How do you write away the personal hole in your heart when that hole was left by a man half the world idolizes? Steve Jobs' daughter, the writer Lisa Brennan-Jobs, on the process and effects of writing her beautiful memoir SMALL FRY.

Brigitte Lacombe

Key Takeaways
  • "If I hadn't gone back with a fine-toothed-comb, a lot of these assumptions I had would have just been the air I breathed into my future."
  • “There is something like theft in a memoir. If you want to write about yourself you have to write about other people who are unwitting and don’t want to be written about…”

The first computer I ever had was the first Apple Macintosh, back in the mid 80’s. I can still remember the sense of friendly reassurance from that smiling little icon that popped up on the screen when you turned it on—a cute, tiny computer smiling back at you. This device, it suggested, knew you. Understood you. Was someone you could trust.

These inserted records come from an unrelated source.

(* Let $\hat x^1,\hat x^2,\dots$ be the actions chosen by RBG($N$) with $N(\cdot)=\theta\|\cdot\|$, $\theta\ge1$, for any value of its random number $r\in(-1,1)$. Then for every $t\ge1$, $w^t(\hat x^{t+1})=w^{t-1}(\hat x^{t+1})+c^t(\hat x^{t+1})$.
   Context: The decision space $M=F\subseteq(\mathbb{R}^+)^n$ is convex and compact, $\|\cdot\|$ is a norm, and cost functions $c^t:F\to\mathbb{R}^+$ are convex. The work function is $w^0(x)=N(x)$ and $w^t(x)=\min_{y\in F}\{w^{t-1}(y)+c^t(y)+\theta\|x-y\|\}$. RBG($N$) draws $r$ uniformly from $(-1,1)$ and at each time $t$ chooses $\hat x^t\in F$ minimizing $Y^t(x)=w^{t-1}(x)+\theta r\|x\|$. *)

From HB Require Import structures.
From mathcomp Require Import all_boot all_order all_algebra.
From mathcomp Require Import all_classical all_reals all_analysis.
Set Implicit Arguments. Unset Strict Implicit. Unset Printing Implicit Defensive.
Import Order.TTheory GRing.Theory Num.Theory.
Import numFieldNormedType.Exports.
Local Open Scope ring_scope.
Local Open Scope classical_set_scope.

Definition is_norm (R : realType) (n : nat) (nrm : 'rV[R]_n -> R) : Prop :=
  [/\ (forall x, 0 <= nrm x),
      (forall x, nrm x = 0 -> x = 0),
      (forall (a : R) x, nrm (a *: x) = `|a| * nrm x) &
      (forall x y, nrm (x + y) <= nrm x + nrm y)].

Definition in_nonneg_orthant (R : realType) (n : nat) (F : set 'rV[R]_n) : Prop :=
  forall x, F x -> forall i, 0 <= x 0 i.

Definition convex_subset (R : realType) (n : nat) (F : set 'rV[R]_n) : Prop :=
  forall x y (l : R), F x -> F y -> 0 <= l <= 1 -> F (l *: x + (1 - l) *: y).

Definition convex_fun_on (R : realType) (n : nat) (F : set 'rV[R]_n)
  (f : 'rV[R]_n -> R) : Prop :=
  forall x y (l : R), F x -> F y -> 0 <= l <= 1 ->
    f (l *: x + (1 - l) *: y) <= l * f x + (1 - l) * f y.

(* w is the work function: w 0 = N on F and, for t >= 1 and x in F,
   w t x = min_{y in F} { w (t-1) y + c t y + theta * nrm (x - y) }
   (the minimum is attained and is a lower bound). *)
Definition is_work_function (R : realType) (n : nat) (F : set 'rV[R]_n)
  (nrm : 'rV[R]_n -> R) (theta : R) (N : 'rV[R]_n -> R)
  (c : nat -> 'rV[R]_n -> R) (w : nat -> 'rV[R]_n -> R) : Prop :=
  (forall x, F x -> w 0%N x = N x) /\
  (forall t x, (1 <= t)%N -> F x ->
     (exists2 y, F y & w t x = w t.-1 y + c t y + theta * nrm (x - y)) /\
     (forall y, F y -> w t x <= w t.-1 y + c t y + theta * nrm (x - y))).

(* xh t (t >= 1) is the action chosen by RBG(N) with random number r:
   xh t in F minimizes Y^t(x) = w (t-1) x + theta * r * nrm x over F. *)
Definition is_RBG_actions (R : realType) (n : nat) (F : set 'rV[R]_n)
  (nrm : 'rV[R]_n -> R) (theta r : R) (w : nat -> 'rV[R]_n -> R)
  (xh : nat -> 'rV[R]_n) : Prop :=
  forall t, (1 <= t)%N ->
    F (xh t) /\
    (forall x, F x ->
       w t.-1 (xh t) + theta * r * nrm (xh t) <= w t.-1 x + theta * r * nrm x).

From HB Require Import structures.
From mathcomp Require Import all_boot all_order all_algebra.
From mathcomp Require Import all_classical all_reals all_analysis.
From mathcomp Require Import lra.
Set Implicit Arguments. Unset Strict Implicit. Unset Printing Implicit Defensive.
Import Order.TTheory GRing.Theory Num.Theory.
Import numFieldNormedType.Exports.
Local Open Scope ring_scope.
Local Open Scope classical_set_scope.

(* Let x = xh (t+1) and let y attain the minimum defining w t x, so that
   w t x = w (t-1) y + c t y + theta |x - y| >= w t y + theta |x - y|.
   Optimality of x for Y^(t+1) gives w t x - w t y <= theta r (|y| - |x|)
   <= theta |r| |x - y|. As |r| < 1, |x - y| = 0, i.e. y = x, and the
   defining identity of w t x is the claim. *)

Section NormFacts.
Variables (R : realType) (n : nat) (nrm : 'rV[R]_n -> R).
Hypothesis nrmP : is_norm nrm.

Lemma norm0 : nrm 0 = 0.
Proof.
by case: nrmP => _ _ nrmZ _; rewrite -(scale0r 0) nrmZ normr0 mul0r.
Qed.

Lemma normB_sym (x y : 'rV[R]_n) : nrm (x - y) = nrm (y - x).
Proof.
case: nrmP => _ _ nrmZ _.
by rewrite -opprB -scaleN1r nrmZ normrN normr1 mul1r.
Qed.

Lemma dist_norm_le (x y : 'rV[R]_n) : `|nrm x - nrm y| <= nrm (x - y).
Proof.
case: nrmP => _ _ _ nrmD.
have := nrmD y (x - y); rewrite addrC subrK => lex.
have := nrmD x (y - x); rewrite addrC subrK -normB_sym => ley.
by rewrite ler_norml; apply/andP; split; lra.
Qed.

End NormFacts.

Lemma eq0_of_le_contraction (R : realType) (d e r : R) :
  `|r| < 1 -> `|e| <= d -> d <= r * e -> d = 0.
Proof.
move=> r1 ed dre.
have d0 : 0 <= d by apply: le_trans ed.
have : d <= `|r| * d.
  apply: (le_trans dre); apply: (le_trans (ler_norm _)).
  by rewrite normrM ler_wpM2l.
nra.
Qed.

Section WorkFunction.
Variables (R : realType) (n : nat) (F : set 'rV[R]_n) (nrm : 'rV[R]_n -> R).
Variables (theta : R) (N : 'rV[R]_n -> R).
Variables (c : nat -> 'rV[R]_n -> R) (w : nat -> 'rV[R]_n -> R).
Hypotheses (nrmP : is_norm nrm) (wP : is_work_function F nrm theta N c w).

Lemma work_function_le_step t x : (1 <= t)%N -> F x ->
  w t x <= w t.-1 x + c t x.
Proof.
move=> t1 Fx; have [_ /(_ x Fx)] := wP.2 t x t1 Fx.
by rewrite subrr norm0 // mulr0 addr0.
Qed.

Lemma work_function_argmin_gap t x : (1 <= t)%N -> F x ->
  exists2 y, F y & w t x = w t.-1 y + c t y + theta * nrm (x - y) /\
                   w t y + theta * nrm (x - y) <= w t x.
Proof.
move=> t1 Fx; have [[y Fy wxy] _] := wP.2 t x t1 Fx.
exists y => //; split=> //.
by rewrite wxy lerD2r work_function_le_step.
Qed.

End WorkFunction.

Theorem lemma6 (R : realType) (n : nat) (F : set 'rV[R]_n)
  (nrm : 'rV[R]_n -> R) (theta r : R)
  (c : nat -> 'rV[R]_n -> R) (w : nat -> 'rV[R]_n -> R)
  (xh : nat -> 'rV[R]_n) :
  is_norm nrm ->
  in_nonneg_orthant F -> convex_subset F -> compact F -> F !=set0 ->
  (forall t, (1 <= t)%N -> forall x, F x -> 0 <= c t x) ->
  (forall t, (1 <= t)%N -> convex_fun_on F (c t)) ->
  1 <= theta ->
  -1 < r < 1 ->
  is_work_function F nrm theta (fun x => theta * nrm x) c w ->
  is_RBG_actions F nrm theta r w xh ->
  forall t, (1 <= t)%N ->
    w t (xh t.+1) = w t.-1 (xh t.+1) + c t (xh t.+1).
Proof.
move=> nrmP _ _ _ _ _ _ theta1 r1 wP rbg t t1.
have [Fx xmin] := rbg t.+1 isT.
set x := xh t.+1 in Fx xmin *.
have [y Fy [wx gap]] := work_function_argmin_gap nrmP wP t1 Fx.
have rbg_opt := xmin y Fy.
have dxy0 : nrm (x - y) = 0.
  apply: (eq0_of_le_contraction (e := nrm y - nrm x) (r := r)).
  - by rewrite ltr_norml.
  - by rewrite normB_sym //; exact: dist_norm_le.
  - have theta0 : 0 < theta by apply: lt_le_trans theta1.
    rewrite -(ler_pM2l theta0) mulrA mulrBr.
    by rewrite /= in rbg_opt; lra.
have [_ nrm_eq0 _ _] := nrmP.
have /eqP := nrm_eq0 _ dxy0; rewrite subr_eq0 => /eqP exy.
by rewrite wx dxy0 mulr0 addr0 -exy.
Qed.
(* Let $(X,d,A)$ be a metric pair such that $A$ is not isolated, and let $p\in[1,\infty]$. Then no persistence diagram in $(D(X,A),W_p)$ has a compact neighborhood. Hence $(D(X,A),W_p)$ is not locally compact, and every compact subset of $(D(X,A),W_p)$ has empty interior.
   Context: A metric on $X$ is a map $d:X\times X\to[0,\infty]$ with $d(x,x)=0$, symmetry and the triangle inequality (infinite distances allowed, $d(x,y)=0$ need not imply $x=y$); a metric pair $(X,d,A)$ is such a space with a closed subset $A$. Write $d(x,A)=\inf_{a\in A}d(x,a)$ and $A^\delta=\{x:d(x,A)<\delta\}$. $A$ is isolated if there is $\delta>0$ with $A^\delta=A$. $D(X,A)$ is the set of finite formal sums $\sum_i x_i$ of points of $X\setminus A$ (repetitions allowed), whose elements are called persistence diagrams. A matching of $\hat\alpha=\sum_{i\in I}x_i$, $\hat\beta=\sum_{j\in J}y_j$ is a formal sum $\sum_{k\in K}(x_k,y_{\varphi(k)})+\sum_{i\in I\setminus K}(x_i,z_i)+\sum_{j\in J\setminus\varphi(K)}(w_j,y_j)$ with $K\subset I$, $\varphi$ injective, $z_i,w_j\in A$; its $p$-cost is the $\ell^p$ norm (sup norm if $p=\infty$) of the distances of paired points; $W_p$ is the infimum of $p$-costs. The topology is the metric topology of $W_p$. *)

From mathcomp Require Import all_boot all_order all_algebra.
From mathcomp Require Import all_classical all_reals all_analysis.
Set Implicit Arguments. Unset Strict Implicit. Unset Printing Implicit Defensive.
Import Order.TTheory GRing.Theory Num.Theory.
Local Open Scope classical_set_scope.
Local Open Scope ring_scope.

Section PD.
Variables (R : realType) (X : Type).

Definition is_metric (d : X -> X -> \bar R) : Prop :=
  [/\ forall x y, (0 <= d x y)%E,
      forall x, d x x = 0%E,
      forall x y, d x y = d y x &
      forall x y z, (d x z <= d x y + d y z)%E].

Definition dist_set (d : X -> X -> \bar R) (A : set X) (x : X) : \bar R :=
  ereal_inf [set d x a | a in A].

Definition metric_closed (d : X -> X -> \bar R) (A : set X) : Prop :=
  forall x, (forall e : R, 0 < e -> exists2 a, A a & (d x a < e%:E)%E) -> A x.

Definition thickening (d : X -> X -> \bar R) (A : set X) (delta : R) : set X :=
  [set x | (dist_set d A x < delta%:E)%E].

Definition pd_isolated (d : X -> X -> \bar R) (A : set X) : Prop :=
  exists2 delta : R, 0 < delta & thickening d A delta = A.

(* A persistence diagram: a finite formal sum of points of X \ A
   (a finite family, repetitions allowed, indexed by 'I_n). *)
Record diagram (A : set X) := Diagram {
  dsize : nat;
  dpt : 'I_dsize -> X;
  dpt_off : forall i, ~ A (dpt i) }.
Arguments dpt {A} d _.

(* A matching of a = sum_i x_i and b = sum_j y_j: a partial injection
   phi : I -> option J (K = {i | phi i <> None}), points z_i in A for
   unmatched i, and points w_j in A for unmatched j. *)
Record matching (A : set X) (a b : diagram A) := Matching {
  mphi : 'I_(dsize a) -> option 'I_(dsize b);
  mphi_inj : forall i i' j, mphi i = Some j -> mphi i' = Some j -> i = i';
  mz : 'I_(dsize a) -> X;
  mz_in : forall i, A (mz i);
  mw : 'I_(dsize b) -> X;
  mw_in : forall j, A (mw j) }.
Arguments mphi {A a b} m _.
Arguments mz {A a b} m _.
Arguments mw {A a b} m _.

Definition matched_dists (d : X -> X -> \bar R) (A : set X) (a b : diagram A)
    (m : matching a b) : seq (\bar R) :=
  [seq d (dpt a i) (match mphi m i with Some j => dpt b j | None => mz m i end)
     | i <- enum 'I_(dsize a)] ++
  [seq d (mw m j) (dpt b j)
     | j <- enum 'I_(dsize b) & [forall i, mphi m i != Some j]].

Definition lp_norm (p : \bar R) (l : seq (\bar R)) : \bar R :=
  match p with
  | EFin r => ((\sum_(c <- l) (c `^ r)) `^ (r^-1))%E
  | _ => \big[maxe/0%E]_(c <- l) c
  end.

Definition pcost (d : X -> X -> \bar R) (p : \bar R) (A : set X)
    (a b : diagram A) (m : matching a b) : \bar R :=
  lp_norm p (matched_dists d m).

Definition Wp (d : X -> X -> \bar R) (p : \bar R) (A : set X)
    (a b : diagram A) : \bar R :=
  ereal_inf [set pcost d p m | m in [set: matching a b]].

Definition Wball (d : X -> X -> \bar R) (p : \bar R) (A : set X)
    (a : diagram A) (e : R) : set (diagram A) :=
  [set b | (Wp d p a b < e%:E)%E].

Definition Wopen (d : X -> X -> \bar R) (p : \bar R) (A : set X)
    (U : set (diagram A)) : Prop :=
  forall a, U a -> exists2 e : R, 0 < e & Wball d p a e `<=` U.

Definition Wnbhd (d : X -> X -> \bar R) (p : \bar R) (A : set X)
    (a : diagram A) (N : set (diagram A)) : Prop :=
  exists2 U, Wopen d p U & U a /\ U `<=` N.

Definition Wcompact (d : X -> X -> \bar R) (p : \bar R) (A : set X)
    (K : set (diagram A)) : Prop :=
  forall (I : Type) (U : I -> set (diagram A)),
    (forall i, Wopen d p (U i)) -> K `<=` \bigcup_i U i ->
    exists2 F : set I, finite_set F & K `<=` \bigcup_(i in F) U i.

Definition Wlocally_compact (d : X -> X -> \bar R) (p : \bar R) (A : set X)
  : Prop :=
  forall a : diagram A, exists2 N, Wnbhd d p a N & Wcompact d p N.

Definition Winterior (d : X -> X -> \bar R) (p : \bar R) (A : set X)
    (K : set (diagram A)) : set (diagram A) :=
  [set a | Wnbhd d p a K].

End PD.

(* Since A is closed but not isolated, there are points y off A at arbitrarily
   small distance t > 0 from A.  Adding k copies of y to a diagram a costs at
   most ((2 |a| + k) (2 t)^p)^(1/p) in W_p (keep a in place, send the copies to
   a point of A), so taking k_n -> oo with k_n t_n^p small, the diagrams
   a + k_n y_n all lie in a given ball around a.  They escape every finite
   subfamily of the open cover V_j = {b | for some th, sg < 1 and all n >= j,
   b has at most sg k_n points farther than th t_n from A}: V_j is open because
   a matching of small p-cost moves only few points by a lot, the V_j cover
   every diagram since diagrams are finite, and a + k_n y_n lies in no V_j with
   j <= n. *)

From mathcomp Require Import all_boot all_order all_algebra.
From mathcomp Require Import all_classical all_reals all_analysis.
From mathcomp Require Import lra.
Set Implicit Arguments. Unset Strict Implicit. Unset Printing Implicit Defensive.
Import Order.TTheory GRing.Theory Num.Theory.
Local Open Scope classical_set_scope.
Local Open Scope ring_scope.

(* The diagram argument of [dpt] cannot be inferred from the index alone. *)
Arguments dpt {X A} d i.

Lemma leq_card_Some_preimage (T1 T2 : finType) (f : T1 -> option T2)
    (P : {set T2}) (Q : {set T1}) :
  (forall j, j \in P -> exists2 i, i \in Q & f i = Some j) -> (#|P| <= #|Q|)%N.
Proof.
move=> preim; rewrite -(card_imset _ (@Some_inj _)).
apply: leq_trans (leq_imset_card f Q); apply: subset_leq_card.
apply/fintype.subsetP => _ /imsetP [j /preim [i iQ <-] ->].
exact: imset_f.
Qed.

Lemma count_enum (T : finType) (P : pred T) : count P (enum T) = #|[set x | P x]%SET|.
Proof. by rewrite cardsE cardE size_filter /enum_mem filter_predT. Qed.

Section PowR.
Variable R : realType.

Lemma powRVK (r x : R) : r != 0 -> 0 <= x -> (x `^ r^-1) `^ r = x.
Proof. by move=> r0 x0; rewrite -powRrM mulVf // powRr1. Qed.

Lemma powRKV (r x : R) : r != 0 -> 0 <= x -> (x `^ r) `^ r^-1 = x.
Proof. by move=> r0 x0; rewrite -powRrM mulfV // powRr1. Qed.

Lemma ltr_powRV (r x e : R) : 0 < r -> 0 <= x -> 0 <= e ->
  (x `^ r^-1 < e) = (x < e `^ r).
Proof.
move=> r0 x0 e0; have rn0 : r != 0 by rewrite gt_eqF.
apply/idP/idP => lt_xe.
- rewrite -(powRVK rn0 x0); apply: gt0_ltr_powR => //; rewrite nnegrE ?powR_ge0 //.
- rewrite -(powRKV rn0 e0); apply: gt0_ltr_powR; rewrite ?invr_gt0 ?nnegrE ?powR_ge0 //.
Qed.

End PowR.

Section DistanceToA.
Variables (R : realType) (X : Type) (d : X -> X -> \bar R) (A : set X).
Hypothesis hd : is_metric d.
Local Notation distA := (dist_set d A).

Lemma metric_ge0 x y : (0 <= d x y)%E. Proof. by case: hd. Qed.
Lemma metric_xx x : d x x = 0%E. Proof. by case: hd. Qed.
Lemma metric_sym x y : d x y = d y x. Proof. by case: hd. Qed.
Lemma metric_triangle x y z : (d x z <= d x y + d y z)%E. Proof. by case: hd. Qed.

Lemma dist_set_ge0 x : (0 <= distA x)%E.
Proof. by apply/ereal_infP => _ [a _ <-]; apply: metric_ge0. Qed.

Lemma dist_set_le x a : A a -> (distA x <= d x a)%E.
Proof. by move=> Aa; apply: ge_ereal_inf; exists (d x a) => //; exists a. Qed.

Since then, we’ve come a long way, baby. The cold, black, addictive rectangle in my pocket—a gleaming window into all the hopes and terrors of the known world—is a far cry from the early, friendly promises of that smiling machine on which I could magically paint things at the touch of a button.

My guest today, in a very different way, grew up in the long shadow of that same cultural trajectory. Steve Jobs, the founder of Apple, was her dad. But like our relationship with the machines he helped unleash on the world, hers with him was deeply complicated. In her beautiful memoir Small Fry, Lisa Brennan-Jobs writes about his indifference, his attention, and her struggle to find herself in and outside of his shadow.

Surprise conversation starters in this episode: None, due to limited taping time.